O italiano Cesare Pavese (1908-1950), poeta e romancista, manteve uma atividade intelectual antifacista. Quando o regime fascista fechou a revista em que trabalhava como seu diretor, Pavese foi desterrado no sul da Calábria (1935-36), onde começou a escrever O Ofício de Viver, diário pessoal que acompanha os últimos quinze anos de sua vida. Entretanto, seu posicionamento político nunca apareceu em sua escritura. Nas páginas de seu diário, todo ele escrito na primeira pessoa, afloram tensões obscuras centradas na dificuldade das relações entre os sexos que explodem numa tragédia final, transmitindo um sentido desolado de inutilidade da vida.
Em suas páginas encontramos considerações sobre sua poética, leituras críticas de outros escritores, lado a lado com desabafos e lamentos inflamados sobre sua vida pessoal e suas desilusões amorosas, acompanhados de reflexões sobre a morte, intimamente associado à idéia de suicídio. Dado como encerrado pelo autor cerca de uma semana antes da morte, e por ele próprio assinalados pelos limites cronológicos 1935-1950, constitui, assim, a evidência da trágica decisão consciente e antecipadamente tomada, e que vem ganhando corpo ao longo dos anos, de pôr termo à vida. No diário não há descrições nem alusões ao lugar em que se encontra. Referências a acontecimentos políticos também não se registram. O que se acentua em suas páginas é o clima de solidão. É a sua vida interior e a imagem da sua profunda angústia de viver.

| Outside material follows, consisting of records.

(* Let $(\mathbf A,G,H)$ be a tense Pavelka algebra whose underlying Pavelka algebra $\mathbf A$ is semisimple. The following are equivalent: (i) $G(x)\cdot G(y)\le G(x\cdot y)$ for all $x,y\in A$; (ii) $H(x)\cdot H(y)\le H(x\cdot y)$ for all $x,y\in A$; (iii) the natural time frame of $(\mathbf A,G,H)$ is boolean, i.e. $R(F,F')=\bigwedge_{a\in A}(G(a)/F'\rightarrow a/F)\in\{0,1\}$ for all $F,F'\in\mathrm{Spec_M}\mathbf A$; (iv) $G$ and $H$ are tense operators on the MV-reduct $(A;\oplus,\neg,\mathbf 0)$ in the sense of tense MV-algebras, i.e. for all $x,y\in A$: (T1) $G(1)=H(1)=1$; (T2) $G(x)\cdot G(y)\le G(x\cdot y)$, $H(x)\cdot H(y)\le H(x\cdot y)$; (T3) $G(x)\oplus G(y)\le G(x\oplus y)$, $H(x)\oplus H(y)\le H(x\oplus y)$; (T4) $G(x)\cdot G(x)=G(x\cdot x)$, $H(x)\cdot H(x)=H(x\cdot x)$; (T5) $G(x)\oplus G(x)=G(x\oplus x)$, $H(x)\oplus H(x)=H(x\oplus x)$; (T6) $\neg G(\neg H(x))\le x$, $\neg H(\neg G(x))\le x$.
   Context: An MV-algebra $(A;\oplus,\neg,0)$ carries derived operations $1=\neg0$, $x\cdot y=\neg(\neg x\oplus\neg y)$, $x\rightarrow y=\neg x\oplus y$, $x\vee y=\neg(\neg x\oplus y)\oplus y$, $x\wedge y=\neg(\neg x\vee\neg y)$, order $x\le y$ iff $\neg x\oplus y=1$. The standard MV-algebra is $[0,1]$ with $x\oplus y=\min\{x+y,1\}$, $\neg x=1-x$. A Pavelka algebra is $\mathbf A=(A;\oplus,\neg,\{\mathbf r\mid r\in[0,1]\cap\mathbb Q\})$ with $(A;\oplus,\neg,\mathbf 0)$ an MV-algebra, $\mathbf r\oplus\mathbf s=\mathbf t$ whenever $\min\{r+s,1\}=t$, $\neg\mathbf r=\mathbf s$ whenever $1-r=s$. Filters are filters of the MV-reduct; $\mathrm{Spec_M}\mathbf A$ is the set of maximal proper filters; for $F\in\mathrm{Spec_M}\mathbf A$, $\mathbf A/F$ embeds uniquely into $[0,1]$ and $x/F$ is identified with its image in $[0,1]$. Semisimple: MV-reduct is a subdirect product of simple MV-algebras. A tense Pavelka algebra is $(\mathbf A,G,H)$ with $G,H\colon A\to A$ such that for all $x,y$ and constants $\mathbf r$: (PT1) $G(x\wedge y)=G(x)\wedge G(y)$, $H(x\wedge y)=H(x)\wedge H(y)$; (PT2) $\mathbf r\rightarrow G(x)=G(\mathbf r\rightarrow x)$, $\mathbf r\rightarrow H(x)=H(\mathbf r\rightarrow x)$; (PT3) $\neg H(\neg G(x))\le x$, $\neg G(\neg H(x))\le x$. *)

From Stdlib Require Import Reals QArith Qminmax.
Open Scope R_scope.

Record MVAlg := {
  car :> Type;
  mv_oplus : car -> car -> car;
  mv_neg : car -> car;
  mv_zero : car;
  mv_assoc : forall x y z, mv_oplus x (mv_oplus y z) = mv_oplus (mv_oplus x y) z;
  mv_comm : forall x y, mv_oplus x y = mv_oplus y x;
  mv_zero_r : forall x, mv_oplus x mv_zero = x;
  mv_negK : forall x, mv_neg (mv_neg x) = x;
  mv_one_abs : forall x, mv_oplus x (mv_neg mv_zero) = mv_neg mv_zero;
  mv_luk : forall x y, mv_oplus (mv_neg (mv_oplus (mv_neg x) y)) y
                     = mv_oplus (mv_neg (mv_oplus (mv_neg y) x)) x
}.

Arguments mv_oplus {m}. Arguments mv_neg {m}. Arguments mv_zero {m}.

Section Derived.
Variable A : MVAlg.
Definition mv_one : A := mv_neg mv_zero.
Definition mv_mul (x y : A) : A := mv_neg (mv_oplus (mv_neg x) (mv_neg y)).
Definition mv_imp (x y : A) : A := mv_oplus (mv_neg x) y.
Definition mv_join (x y : A) : A := mv_oplus (mv_neg (mv_oplus (mv_neg x) y)) y.
Definition mv_meet (x y : A) : A := mv_neg (mv_join (mv_neg x) (mv_neg y)).
Definition mv_le (x y : A) : Prop := mv_oplus (mv_neg x) y = mv_one.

Sobre as mulheres, que são a fonte direta de seu sofrimento, nada revela, nenhum retrato faz delas. São impessoais, despidas de sentimentos e movidas apenas por interesses, quase desumanizadas. O seu destino de perdedor em relação às mulheres tem como marco um acontecimento de 1929, quando ele conhece Tina, comunista e professora e matemática. Ela tivera uma enlace amoroso com um intelectual de esquerda. Pavese, entretanto, apaixona-se por ela. Em maio de 1935 a polícia invade a casa dele e encontra as cartas desse intelectual endereçadas a Tina. Pavese, para agradá-la, aceitara que a correspondência fosse enviada a sua casa. Quando ele regressa do exílio da Calábria, Tina já estava casada. O choque foi muito forte para ele. Jamais conseguiu compreender a atitude dela. A partir de então, Pavese torna-se, como ele mesmo diz de si mesmo no diário, um misógino. As mulheres nunca transmitem uma idéia afetiva, antes de decepção. Passam a representar para ele apenas um objeto de que se desfruta por breves momentos.

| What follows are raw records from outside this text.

(* Layer S (an r-subset of the nodes) carries a Reed-Solomon codeword of length
   r and dimension r - t1 over F_p, evaluated at the points of S; node i stores
   its symbols in all layers through i, and a helper i repairing j sends its
   symbols in the layers through both i and j. *)
Module LayeredCode.
Import GRing.Theory.

Section Layered.
Variables (n t1 t2 r p : nat).
Hypotheses (t21 : t2 <= t1) (t1r : t1 < r) (rn : r <= n) (p_prime : prime p) (np : n < p).
Local Open Scope ring_scope.

Definition layer := {S : {set 'I_n} | #|S| == r}.
Definition message := {ffun layer -> (r - t1).-tuple 'F_p}.
Definition node_point (i : 'I_n) : 'F_p := (val i)%:R.

Lemma node_point_inj : injective node_point.
Proof.
move=> i j /(congr1 val); rewrite /= !val_Fp_nat // !modn_small; first exact: val_inj.
- exact: ltn_trans (ltn_ord j) np.
- exact: ltn_trans (ltn_ord i) np.
Qed.

Lemma eq_Poly_tuple_on m (c1 c2 : m.-tuple 'F_p) (B : {set 'I_n}) : (m <= #|B|)%N ->
  (forall i, i \in B -> (Poly c1).[node_point i] = (Poly c2).[node_point i]) -> c1 = c2.
Proof.
move=> mB eqB; have [eq0 | neq0] := eqVneq (Poly c1 - Poly c2) 0.
  have eq_Poly : Poly c1 = Poly c2 by apply/eqP; rewrite -subr_eq0 eq0.
  apply: val_inj; apply: (@eq_from_nth _ 0); first by rewrite !size_tuple.
  by move=> i _; have := congr1 (fun q : {poly 'F_p} => q`_i) eq_Poly; rewrite !coef_Poly.
have size_diff : (size (Poly c1 - Poly c2)%R <= m)%N.
  apply: leq_trans (size_polyD _ _) _; rewrite geq_max size_polyN.
  by rewrite !(leq_trans (size_Poly _)) // size_tuple.
have roots : all (root (Poly c1 - Poly c2)) (map node_point (enum B)).
  apply/allP => x /mapP [i]; rewrite mem_enum => iB ->.
  by rewrite /root hornerD hornerN eqB // subrr.
have distinct : uniq (map node_point (enum B)).
  by rewrite map_inj_uniq ?enum_uniq //; apply: node_point_inj.
have := max_poly_roots neq0 roots distinct; rewrite size_map -cardE => lt_B.
by have := leq_trans lt_B (leq_trans size_diff mB); rewrite ltnn.
Qed.

Lemma card_setI_large (S A : {set 'I_n}) c : #|A| = (n - c)%N -> (c <= n)%N ->
  (#|S| - c <= #|S :&: A|)%N.
Proof.
move=> cardA cn; rewrite -(cardsID A S) leq_subLR addnC leq_add2r.
apply: leq_trans (subset_leq_card (_ : S :\: A \subset ~: A)) _.
  by apply/subsetP => x; rewrite !inE => /andP [].
by have := cardsC A; rewrite cardA card_ord; lia.
Qed.

Definition layer_store (i : 'I_n) (m : message) : {ffun layer -> 'F_p} :=
  [ffun S : layer => if i \in val S then (Poly (m S)).[node_point i] else 0].
Definition layer_send (i : 'I_n) (A : {set 'I_n}) (j : 'I_n) (s : {ffun layer -> 'F_p}) :
  {ffun layer -> 'F_p} := [ffun S : layer => if j \in val S then s S else 0].

Lemma layer_decodable (A : {set 'I_n}) : #|A| = (n - t1)%N -> forall m1 m2,
  (forall i, i \in A -> layer_store i m1 = layer_store i m2) -> m1 = m2.
Proof.
move=> cardA m1 m2 eqA; apply/ffunP => S.
apply: (@eq_Poly_tuple_on _ _ _ (val S :&: A)).
  have := card_setI_large (val S) cardA (leq_trans (ltnW t1r) rn).
  by rewrite (eqP (valP S)).
move=> i; rewrite inE => /andP [iS iA].
by have /ffunP/(_ S) := eqA i iA; rewrite !ffunE iS.
Qed.

Lemma layer_repairable j (A : {set 'I_n}) : j \notin A -> #|A| = (n - t2)%N ->
  forall m1 m2, (forall i, i \in A ->
    layer_send i A j (layer_store i m1) = layer_send i A j (layer_store i m2)) ->
  layer_store j m1 = layer_store j m2.
Proof.
move=> jA cardA m1 m2 eqA; apply/ffunP => S; rewrite !ffunE.
case: ifP => // jS; congr (_.[_]); congr Poly; congr tval.
apply: (@eq_Poly_tuple_on _ _ _ (val S :&: A)).
  have := card_setI_large (val S) cardA (leq_trans (leq_trans t21 (ltnW t1r)) rn).
  by rewrite (eqP (valP S)); apply: leq_trans; apply: leq_sub2l.
move=> i; rewrite inE => /andP [iS iA].
by have /ffunP/(_ S) := eqA i iA; rewrite !ffunE jS iS.
Qed.

Lemma card_layers_through i : (#|[set S : layer | i \in val S]| <= 'C(n.-1, r.-1))%N.
Proof.
pose f (S : layer) := val S :\ i.
rewrite -(card_in_imset (f := f)); last first.
  move=> S1 S2; rewrite !inE => iS1 iS2 eq_f; apply: val_inj.
  by rewrite -(setD1K iS1) -(setD1K iS2) /f in eq_f *; rewrite eq_f.
have -> : n.-1 = #|[set~ i]| by rewrite cardsC1 card_ord.
rewrite -cards_draws; apply: subset_leq_card; apply/subsetP => T /imsetP [S].
rewrite inE => iS ->; rewrite inE; apply/andP; split.
  by apply/subsetP => x; rewrite !inE => /andP [].
by have := cardsD1 i (val S); rewrite iS (eqP (valP S)) add1n => ->.
Qed.

Lemma card_layers_through2 i j : i != j ->
  (#|[set S : layer | (i \in val S) && (j \in val S)]| <= 'C(n.-2, r.-2))%N.
Proof.
move=> ij; pose f (S : layer) := val S :\ i :\ j.
rewrite -(card_in_imset (f := f)); last first.
  move=> S1 S2; rewrite !inE => /andP [iS1 jS1] /andP [iS2 jS2] eq_f; apply: val_inj.
  have jS1' : j \in val S1 :\ i by rewrite !inE eq_sym ij.
  have jS2' : j \in val S2 :\ i by rewrite !inE eq_sym ij.
  by rewrite -(setD1K iS1) -(setD1K iS2) -(setD1K jS1') -(setD1K jS2') /f in eq_f *; rewrite eq_f.
have -> : n.-2 = #|[set~ i] :\ j|.
  have := cardsD1 j [set~ i]; rewrite !inE eq_sym ij cardsC1 card_ord add1n.
  by move=> e; rewrite -[n.-2]/(n.-1.-1) e.
rewrite -cards_draws; apply: subset_leq_card; apply/subsetP => T /imsetP [S].
rewrite inE => /andP [iS jS] ->; rewrite inE; apply/andP; split.
  by apply/subsetP => x; rewrite !inE => /and3P [-> ->].
have jS' : j \in val S :\ i by rewrite !inE eq_sym ij.
have := cardsD1 j (val S :\ i); rewrite jS' add1n => e.
by have := cardsD1 i (val S); rewrite iS (eqP (valP S)) add1n e => ->.
Qed.

Lemma card_message : #|{: message}| = (p ^ ((r - t1) * 'C(n, r)))%N.
Proof.
rewrite card_ffun card_tuple card_Fp // card_sig -expnM; congr (_ ^ (_ * _))%N.
rewrite -[n in 'C(n, _)](card_ord n) -card_draws cardsE.
by apply: eq_card => S; rewrite !inE.
Qed.

Lemma card_supported (D : {set layer}) (X : {set {ffun layer -> 'F_p}}) :
  X \subset [set x in pffun_on 0 D [set: 'F_p]] -> (#|X| <= p ^ #|D|)%N.
Proof.
move=> sX; apply: leq_trans (subset_leq_card sX) _.
by rewrite cardsE card_pffun_on cardsT card_Fp.
Qed.

Lemma layered_ER_code : ER_code n (n - t1) (n - t2) (p ^ ((r - t1) * 'C(n, r)))
  (p ^ 'C(n.-1, r.-1)) (p ^ 'C(n.-2, r.-2)).
Proof.
have p0 : (0 < p)%N by apply: prime_gt0.
have /prednK eNd : (0 < p ^ 'C(n.-1, r.-1))%N by rewrite expn_gt0 p0.
have /prednK eK : (0 < p ^ 'C(n.-2, r.-2))%N by rewrite expn_gt0 p0.
rewrite -card_message -eNd -eK.
apply: (@ER_code_of_injective _ _ _ _ _ _ _ _ [ffun _ => [tuple of nseq (r - t1) 0]]
  layer_store layer_send).
- exact: layer_decodable.
- exact: layer_repairable.
- move=> i; rewrite eNd; apply: leq_trans (card_supported _) _; last first.
    by apply: leq_pexp2l => //; apply: card_layers_through.
  apply/subsetP => x /imsetP [m _ ->]; rewrite inE; apply/pffun_onP.
  split; last by move=> y _; rewrite inE.
  by apply/subsetP => S; rewrite !inE ffunE; case: ifP => //; rewrite eqxx.
- move=> i A j iA jA; rewrite eK.
  apply: leq_trans (card_supported (D := [set S : layer | (i \in val S) && (j \in val S)]) _) _;
    last first.
    apply: leq_pexp2l => //; apply: card_layers_through2.
    by apply: contraNneq jA => <-.
  apply/subsetP => x /imsetP [m _ ->]; rewrite inE; apply/pffun_onP.
  split; last by move=> y _; rewrite inE.
  apply/subsetP => S; rewrite !inE !ffunE.
  by case: (j \in val S); case: (i \in val S); rewrite ?eqxx.
Qed.

End Layered.
End LayeredCode.

Lemma ER_code_pow n k d N Nd K v Nd' K' : ER_code n k d N Nd K -> 0 < N ->
  Nd ^ v <= Nd'.+1 -> K ^ v <= K'.+1 -> ER_code n k d (N ^ v) Nd'.+1 K'.+1.
Proof.
move=> [fE [fD [FE [FD [decode repair]]]]] N0 cardNd cardK.
have -> : N ^ v = #|{ffun 'I_v -> 'I_N}| by rewrite card_ffun !card_ord.
pose store i (m : {ffun 'I_v -> 'I_N}) : {ffun 'I_v -> 'I_Nd} := [ffun u => fE i (m u)].
pose send i A j (s : {ffun 'I_v -> 'I_Nd}) : {ffun 'I_v -> 'I_K} := [ffun u => FE i A j (s u)].
apply: (@ER_code_of_injective _ _ _ _ _ _ _ _ [ffun _ => Ordinal N0] store send).
- move=> A cardA m1 m2 eqA; apply/ffunP => u.
  rewrite -(decode _ cardA (m1 u)) -(decode _ cardA (m2 u)); congr (fD A).
  by apply/eq_in_restrict => i /eqA /ffunP /(_ u); rewrite !ffunE.
- move=> j A jA cardA m1 m2 eqA; apply/ffunP => u; rewrite !ffunE.
  rewrite -(repair _ _ jA cardA (m1 u)) -(repair _ _ jA cardA (m2 u)); congr (FD j A).
  by apply/eq_in_restrict => i /eqA /ffunP /(_ u); rewrite !ffunE.
- by move=> i; apply: leq_trans (max_card _) _; rewrite card_ffun !card_ord.
- by move=> i A j _ _; apply: leq_trans (max_card _) _; rewrite card_ffun !card_ord.
Qed.

Local Open Scope R_scope.

Lemma INR_muln a b : INR (a * b) = INR a * INR b.
Proof. by rewrite mulnE mult_INR. Qed.

Lemma INR_addn a b : INR (a + b) = INR a + INR b.
Proof. by rewrite addnE plus_INR. Qed.

Lemma INR_subn a b : (b <= a)%N -> INR (a - b) = INR a - INR b.
Proof. by move=> ba; rewrite subnE minus_INR //; apply/leP. Qed.

Lemma INR_pred m : (0 < m)%N -> INR m.-1 = INR m - 1.
Proof. by move=> m0; rewrite -subn1 INR_subn. Qed.

Lemma INR_expn a e : INR (a ^ e) = INR a ^ e.
Proof. by elim: e => // e IH; rewrite expnS INR_muln IH. Qed.

Lemma lt_0_INR_nat m : (0 < m)%N -> 0 < INR m.
Proof. by move=> m0; apply: lt_0_INR; apply/ltP. Qed.

Lemma exists_nat_floor x : 0 <= x -> exists s : nat, INR s <= x < INR s + 1.
Proof.
move=> x0; have [up_gt up_le] := archimed x.
have up0 : Z.lt 0 (up x) by apply: lt_0_IZR; lra.
exists (Z.to_nat (up x - 1)).
rewrite INR_IZR_INZ Z2Nat.id; last lia.
rewrite minus_IZR /=; lra.
Qed.

Lemma ln_le x y : 0 < x -> x <= y -> ln x <= ln y.
Proof.
move=> x0 /Rle_lt_or_eq_dec [xy | <-]; last exact: Rle_refl.
by apply: Rlt_le; apply: ln_increasing.
Qed.

Lemma ln_nonpos x : x <= 0 -> ln x = 0.
Proof. by move=> x0; rewrite /ln; destruct (Rlt_dec 0 x); first exfalso; lra. Qed.

Lemma ln_INR_ge0 m : 0 <= ln (INR m).
Proof.
case: m => [|m]; first by rewrite ln_nonpos /=; lra.
by rewrite -ln_1; apply: ln_le; rewrite ?S_INR; have := pos_INR m; lra.
Qed.

Lemma ln_INR_gt0 m : (1 < m)%N -> 0 < ln (INR m).
Proof.
move=> /ltP /lt_INR /= m1; rewrite -ln_1; apply: ln_increasing; lra.
Qed.

Lemma ln_ratio_le (N Nd K t c : nat) : ((0 < N) -> (0 < Nd))%N -> (N <= Nd ^ t * K ^ c)%N ->
  ln (INR N) / ln (INR K) <= INR t * (ln (INR Nd) / ln (INR K)) + INR c.
Proof.
move=> Nd0 NK; have [K1 | K1] := leqP K 1.
  have -> : ln (INR K) = 0.
    by case: (K) K1 => [|[|]] // _; rewrite ?ln_1 // ln_nonpos /=; lra.
  by rewrite /Rdiv Rinv_0 !Rmult_0_r Rplus_0_l; apply: pos_INR.
have lnK := ln_INR_gt0 K1.
have ratio0 : 0 <= ln (INR Nd) / ln (INR K).
  by apply: Rmult_le_pos; [apply: ln_INR_ge0 | apply/Rlt_le/Rinv_0_lt_compat].
case: N Nd0 NK => [|N] Nd0 NK.
  rewrite ln_nonpos /= /Rdiv ?Rmult_0_l; last lra.
  by have := pos_INR t; have := pos_INR c; nra.
have lnN : ln (INR N.+1) <= INR t * ln (INR Nd) + INR c * ln (INR K).
  have Ndp := lt_0_INR_nat (Nd0 isT).
  have Kp : 0 < INR K by apply: lt_0_INR_nat; lia.
  rewrite -!ln_pow // -ln_mult; try exact: pow_lt.
  rewrite -!INR_expn -INR_muln.
  by apply: ln_le; [apply: lt_0_INR_nat | apply: le_INR; apply/leP].
have divK x : x / ln (INR K) * ln (INR K) = x by field; lra.
apply: (Rmult_le_reg_r (ln (INR K))) => //.
by rewrite Rmult_plus_distr_r Rmult_assoc !divK.
Qed.

Lemma code_ratio_bound n k d N Nd K t : ER_code n k d N Nd K ->
  (k <= d)%N -> (d < n)%N -> (t <= k)%N ->
  ln (INR N) / ln (INR K) <= INR t * (ln (INR Nd) / ln (INR K)) + INR ((k - t) * (d - t + 1)).
Proof.
move=> code kd dn tk; have bound := ER_code_cutset_bound code kd dn tk.
apply: ln_ratio_le bound => N0; case: code => fE _.
exact: leq_ltn_trans (leq0n _) (ltn_ord (fE (Ordinal (leq_ltn_trans (leq0n _) dn)) (Ordinal N0))).
Qed.

Lemma achievable_cutset_bound n k d a M t : achievable n k d a M ->
  (k <= d)%N -> (d < n)%N -> (t <= k)%N -> M <= INR t * a + INR ((k - t) * (d - t + 1)).
Proof.
move=> ach kd dn tk; apply: Rle_plus_epsilon => e e0.
have t0 := pos_INR t; set c := INR ((k - t) * (d - t + 1)).
have e_t : 0 < e / (INR t + 1) by apply: Rdiv_lt_0_compat; lra.
have [N [Nd [K [code [alpha_le M_le]]]]] := ach _ e_t.
have := code_ratio_bound code kd dn tk; rewrite -/c => ratio.
have split_e : INR t * (e / (INR t + 1)) + e / (INR t + 1) = e by field; lra.
by nra.
Qed.

(* [cut s] is the cut-set bound with [s = k - t] repaired nodes, written with
   [T = d - k + 1]. *)
Section CutSetConsequences.
Variables (k : nat) (n T a M : R).
Hypotheses (T1 : 1 <= T) (kTn : INR k + T <= n) (M0 : 0 < M) (R0 : 0 < n * a - M).
Hypothesis cut : forall s : nat, (s <= k)%N -> M <= (INR k - INR s) * a + INR s * (INR s + T).

Let M_le_ka : M <= INR k * a.
Proof. by have := cut (leq0n k); have := pos_INR k; rewrite /=; lra. Qed.
Let a0 : 0 < a.
Proof. by have := M_le_ka; have := pos_INR k; nra. Qed.
Let a_le_R : a <= n * a - M.
Proof. by have := M_le_ka; have := pos_INR k; nra. Qed.

Lemma cutset_storage_le : M <= n * n.
Proof. by have := cut (leqnn k); nra. Qed.

Lemma cutset_storage_le_repair : M <= n * (n * a - M).
Proof. by have := M_le_ka; nra. Qed.

(* The cut with [s] close to [a / 2] repaired nodes. *)
Lemma cutset_storage_sq_le : M * M <= 16 * T * (n * n) * (n * a - M).
Proof.
have Mka := M_le_ka; have aR := a_le_R; have a_pos := a0; have k0 := pos_INR k.
have n0 : 0 <= n * n by nra.
have M_le_na : M <= n * a by nra.
have MM : M * M <= n * n * (a * a) by nra.
have [aT | Ta] := Rle_lt_dec a (4 * T).
  have a_sq : a * a <= 4 * T * (n * a - M) by nra.
  have : n * n * (a * a) <= n * n * (4 * T * (n * a - M)) by apply: Rmult_le_compat_l.
  by nra.
have [s [s_le s_gt]] := exists_nat_floor (ltac:(lra) : 0 <= a / 2).
have [sk | ks] := leqP s k.
  have cut_s := cut sk; have s_ge : a / 4 <= INR s by lra.
  have nk : 0 <= (n - INR k) * a by nra.
  have s_gap : INR s * (a / 4) <= INR s * (a - INR s - T).
    by apply: Rmult_le_compat_l; [apply: pos_INR | lra].
  have a_sq : a * a <= 16 * (n * a - M) by nra.
  have : n * n * (a * a) <= n * n * (16 * (n * a - M)) by apply: Rmult_le_compat_l.
  by nra.
have /lt_INR ks' : (k < s)%coq_nat by apply/ltP.
have cut_k := cut (leqnn k); rewrite Rminus_diag Rmult_0_l Rplus_0_l in cut_k.
have M_le_kn : M <= INR k * n by apply: Rle_trans cut_k _; apply: Rmult_le_compat_l; lra.
have M_le_R : M <= n * a - M.
  have kn_le : INR k * n <= a / 2 * n by apply: Rmult_le_compat_r; lra.
  by nra.
have MM_le : M * M <= (INR k * n) * (n * a - M) by apply: Rmult_le_compat; lra.
have kn_le : INR k * n * (n * a - M) <= n * n * (n * a - M).
  by apply: Rmult_le_compat_r; nra.
have nnR : 0 <= n * n * (n * a - M) by apply: Rmult_le_pos; lra.
by nra.
Qed.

Pavese cultivou a idéia do suicídio ao longo de toda a vida, associando-a constantemente ao tema do amor. A autodestruição identifica-se com uma vida que para ele parece de pouca importância, apesar da consolidação do seu sucesso na carreira editorial e na de escritor. A 18 de agosto de 1950, quando ingere os soníferos que o libertariam de viver, escreve as últimas palavras do seu diário: “Tudo isto é asqueroso. Palavras, não. Um gesto. Não escreverei mais.”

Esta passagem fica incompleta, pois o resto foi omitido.